Passo 2: Criar a tabela alvo no Lakehouse
Crie a tabela no Lakehouse com o esquema desejado. No Microsoft Fabric, use o SQL Editor do Warehouse (ou um Notebook T-SQL) apontando para o OneLake path do Lakehouse. Um método simples é criar uma tabela externa apontando para um diretório do Lakehouse. Se prevê cargas incrementais, planeie particionamento por uma coluna como load_date para reduzir ficheiros e melhorar leitura em Power BI.
-- Exemplo T-SQL para criar uma tabela externa parquet no Lakehouse
CREATE EXTERNAL TABLE lakehouse_schema.target_table (
id BIGINT,
name VARCHAR(200),
amount DECIMAL(18,2),
load_timestamp DATETIME2
)
WITH (
LOCATION = 'abfss://@.dfs.core.windows.net/lakehouse/path/target_table/',
FILE_FORMAT = (TYPE = PARQUET)
);
Passo 3: Extrair e transformar dados do Warehouse
Execute uma query no Warehouse para seleccionar e transformar os dados. Aqui pode filtrar (por exemplo, is_active = 1), agregar ou converter tipos para compatibilidade com o Lakehouse. Adicione uma coluna de auditoria se necessário. Para volumes médios (100k–1M linhas) a transformação em memória é rápida; para dezenas de milhões considere transformar por lotes (batch) para reduzir uso de memória. Exemplos de transformações práticas: normalizar texto com UPPER/LOWER, arredondar decimais e converter fusos horários para UTC.
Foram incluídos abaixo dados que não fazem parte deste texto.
Lemma block_minima r P : partition_of_nat r P ->
  exists g : 'I_r -> nat,
    injective g /\ forall n, (forall j, j < n -> ~ same_block P j n) <-> exists i, n = g i.
Proof.
case=> [[f [f_inj f_P]] P_ne P_cover P_disj].
have f_in i : P (f i) by apply/f_P; exists i.
have ex_f i : exists n, `[< f i n >] by have [n fn] := P_ne _ (f_in i); exists n; apply/asboolP.
pose g i := ex_minn (ex_f i).
have g_min i : f i (g i) /\ forall k, f i k -> g i <= k.
  by rewrite /g; case: ex_minnP => m /asboolP fm min_m; split=> // k /asboolP; apply: min_m.
exists g; split.
  move=> i j e; apply/f_inj/(P_disj _ _ (g i) (f_in i) (f_in j) (g_min i).1).
  by rewrite e; exact: (g_min j).1.
move=> n; split=> [min_n | [i -> j lt_j [B [PB [Bj Bgi]]]]].
  have [B [PB Bn]] := P_cover n; have [i eB] := (f_P B).1 PB; subst B.
  exists i; apply/eqP; rewrite eqn_leq (g_min i).2 // andbT leqNgt; apply/negP => lt_gn.
  by apply: (min_n _ lt_gn); exists (f i); do !split=> //; exact: (g_min i).1.
have eB : B = f i by apply: (P_disj _ _ _ PB (f_in i) Bgi (g_min i).1).
by move: lt_j; rewrite ltnNge (g_min i).2 // -eB.
Qed.

Lemma prev_map_of_partition r d P :
  scattered_partition r d P -> prev_map r d (prev_of (same_block P)).
Proof.
case=> P_part P_sc; have [_ _ P_cover P_disj] := P_part.
split.
- exact: prev_of_descending.
- move=> n m E; move: (is_prev_prev_of (same_block P) n); rewrite /is_prev E.
  by move=> [lt_mn [B [PB [Bm Bn]]] _]; have := P_sc B PB m n Bm Bn lt_mn; lia.
- exact/prev_of_inj/same_block_trans/P_disj/same_block_sym.
- have [g [g_inj g_min]] := block_minima P_part; exists g; split=> // n.
  by split=> [/prev_of_None_iff/g_min | /g_min/prev_of_None_iff].
Qed.

Definition PrevMap r d := {p | prev_map r d p}.

Definition to_partition r d (x : PrevMap r d) : SPart r d :=
  exist _ (blocks (sval x)) (scattered_partition_blocks (proj2_sig x)).

Definition of_partition r d (P : SPart r d) : PrevMap r d :=
  exist _ (prev_of (same_block (sval P))) (prev_map_of_partition (proj2_sig P)).

Lemma to_partitionK r d : cancel (@to_partition r d) (@of_partition r d).
Proof.
case=> p p_map; apply: eq_exist; have [p_lt _ p_inj _] := p_map.
rewrite /= /blocks same_block_classes ?prev_of_same_chain //.
by move=> a b c; rewrite /same_chain => ->.
Qed.

Lemma of_partitionK r d : cancel (@of_partition r d) (@to_partition r d).
Proof.
case=> P P_sp; apply: eq_exist; have [[_ P_ne P_cover P_disj] _] := P_sp.
rewrite /= /blocks.
have -> : same_chain (prev_of (same_block P)) = same_block P.
  apply/predeq2P => a b; apply: same_chain_prev_ofE.
  - exact: same_block_refl.
  - exact: same_block_sym.
  - exact: same_block_trans.
exact: classes_same_block.
Qed.

Definition shift_prev (p : nat -> option nat) n := if n is n'.+1 then p n' else None.

Lemma prev_map_shift r d p : prev_map r d p -> prev_map r.+1 d.+1 (shift_prev p).
Proof.
case=> p_lt p_gap p_inj [g [g_inj g_roots]]; split.
- by case=> // n m /p_lt; lia.
- by case=> // n m /p_gap; lia.
- by case=> [|n1] [|n2] m //= E1 E2; rewrite (p_inj _ _ _ E1 E2).
exists (fun i : 'I_r.+1 => if unlift ord0 i is Some j then (g j).+1 else 0); split.
  move=> i j; case: unliftP => [i'|] ->; case: unliftP => [j'|] -> //.
  by case=> /g_inj ->.
case=> [|n] /=; first by split=> // _; exists ord0; rewrite unlift_none.
rewrite g_roots; split=> [[i ->] | [i]]; first by exists (lift ord0 i); rewrite liftK.
by case: unliftP => [j|] _ // [->]; exists j.
Qed.

Lemma prev_map_unshift r d q : 0 < d -> prev_map r.+1 d.+1 q -> prev_map r d (q \o succn).
Proof.
move=> d_gt0 [q_lt q_gap q_inj [g [g_inj g_roots]]]; split.
- by move=> n m /q_gap; lia.
- by move=> n m /q_gap; lia.
- by move=> n1 n2 m E1 E2; case: (q_inj _ _ _ E1 E2).
have q0 : q 0 = None by case E: (q 0) => [m|] //; have := q_lt _ _ E.
have [i0 g_i0] := (g_roots 0).1 q0.
have g_lift_gt0 j : 0 < g (lift i0 j).
  rewrite lt0n; apply/eqP => g0; have := neq_lift i0 j.
  by rewrite (g_inj _ _ (etrans g0 g_i0)) eqxx.
exists (fun j => (g (lift i0 j)).-1); split.
  move=> j k /= e; apply: (@lift_inj _ i0); apply: g_inj.
  by move: e (g_lift_gt0 j) (g_lift_gt0 k); lia.
move=> n /=; rewrite g_roots; split=> [[i ei] | [j ->]].
  case: (unliftP i0 i) ei => [j|] -> ei; first by exists j; rewrite -ei.
  by rewrite -g_i0 in ei.
by exists (lift i0 j); have := g_lift_gt0 j; lia.
Qed.

Definition shift r d (x : PrevMap r d) : PrevMap r.+1 d.+1 :=
  exist _ (shift_prev (sval x)) (prev_map_shift (proj2_sig x)).

Lemma shift_bij r d : 0 < d -> bijective (@shift r d).
Proof.
move=> d_gt0.
exists (fun y => exist _ (sval y \o succn) (prev_map_unshift d_gt0 (proj2_sig y))).
  by case=> p p_map; apply: eq_exist.
case=> q q_map; apply: eq_exist; have [q_lt _ _ _] := q_map.
apply/funext => -[|n] //=.
by case E: (q 0) => [m|] //; have := q_lt _ _ E.
Qed.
-- Exemplo de SELECT transformador no Warehouse
SELECT
id,
UPPER(name) AS name,
CAST(amount AS DECIMAL(18,2)) AS amount,
SYSUTCDATETIME() AS load_timestamp
FROM schema.source_table
WHERE is_active = 1;
Passo 4: Exportar os dados para o Lakehouse
Existem duas formas comuns: (A) copiar diretamente com INSERT INTO ... SELECT apontando para a tabela externa do Lakehouse; (B) exportar para ficheiro Parquet e escrever no caminho do Lakehouse usando utilitários. O método A é direto e simples para cargas únicas ou recorrentes simples. Para cargas incrementais, considere INSERT INTO por partição ou usar INSERT OVERWRITE em conjuntos particionados. Para grandes volumes, é recomendável testar com lotes de 100k–500k linhas e verificar o tamanho médio dos ficheiros Parquet (idealmente 64–256 MB para bom equilíbrio entre I/O e paralelismo).
-- Método A: Inserir diretamente na tabela externa do Lakehouse
INSERT INTO lakehouse_schema.target_table
SELECT
id,
UPPER(name) AS name,
CAST(amount AS DECIMAL(18,2)) AS amount,
SYSUTCDATETIME() AS load_timestamp
FROM schema.source_table
WHERE is_active = 1;
Passo 5: Validar escrita e gerir permissões
Após a inserção, verifique se os ficheiros Parquet foram escritos no caminho do Lakehouse e ajuste permissões se necessário. Garanta que as identidades (managed identity, service principal ou utilizador) têm acesso ao OneLake/Storage com as permissões necessárias (Write/List). Valide integridade com contagens: SELECT COUNT(*) na tabela fonte vs tabela do Lakehouse e, se necessário, amostras com CHECKSUM das colunas críticas para detectar perdas ou truncamentos. Para cargas de produção, registe a identidade usada e crie alertas para erros de permissão ou quotas.
-- Consulta de validação simples na tabela do Lakehouse
SELECT TOP 10 * FROM lakehouse_schema.target_table ORDER BY load_timestamp DESC;
Verificar o resultado
Confirme que: (1) o número de linhas na tabela alvo corresponde ao esperado (por exemplo, 1.000.000 linhas); (2) os tipos e formatos estão corretos (decimais, datas em UTC); (3) os ficheiros Parquet aparecem no diretório do Lakehouse com tamanhos razoáveis; (4) aplicações como Power BI conseguem ler a tabela e responder a queries em tempo aceitável. Execute contagens por partição e amostras de valores críticos. Uma verificação prática: SELECT COUNT(*), MIN(load_timestamp), MAX(load_timestamp) para validar janela temporal.
Conclusão
Agora já tem um processo simples e replicável para exportar dados de um Warehouse para um Lakehouse em Microsoft Fabric mantendo esquema e aplicando transformações ligeiras. Próximos passos: automatizar com Pipelines no Data Factory do Fabric, criar snapshots com Time Travel ou implementar cargas incrementais com watermarking. Dica prática: registe sempre a identidade usada para escrita, defina limites de lote para grandes cargas e verifique quotas antes de cargas massivas para evitar interrupções.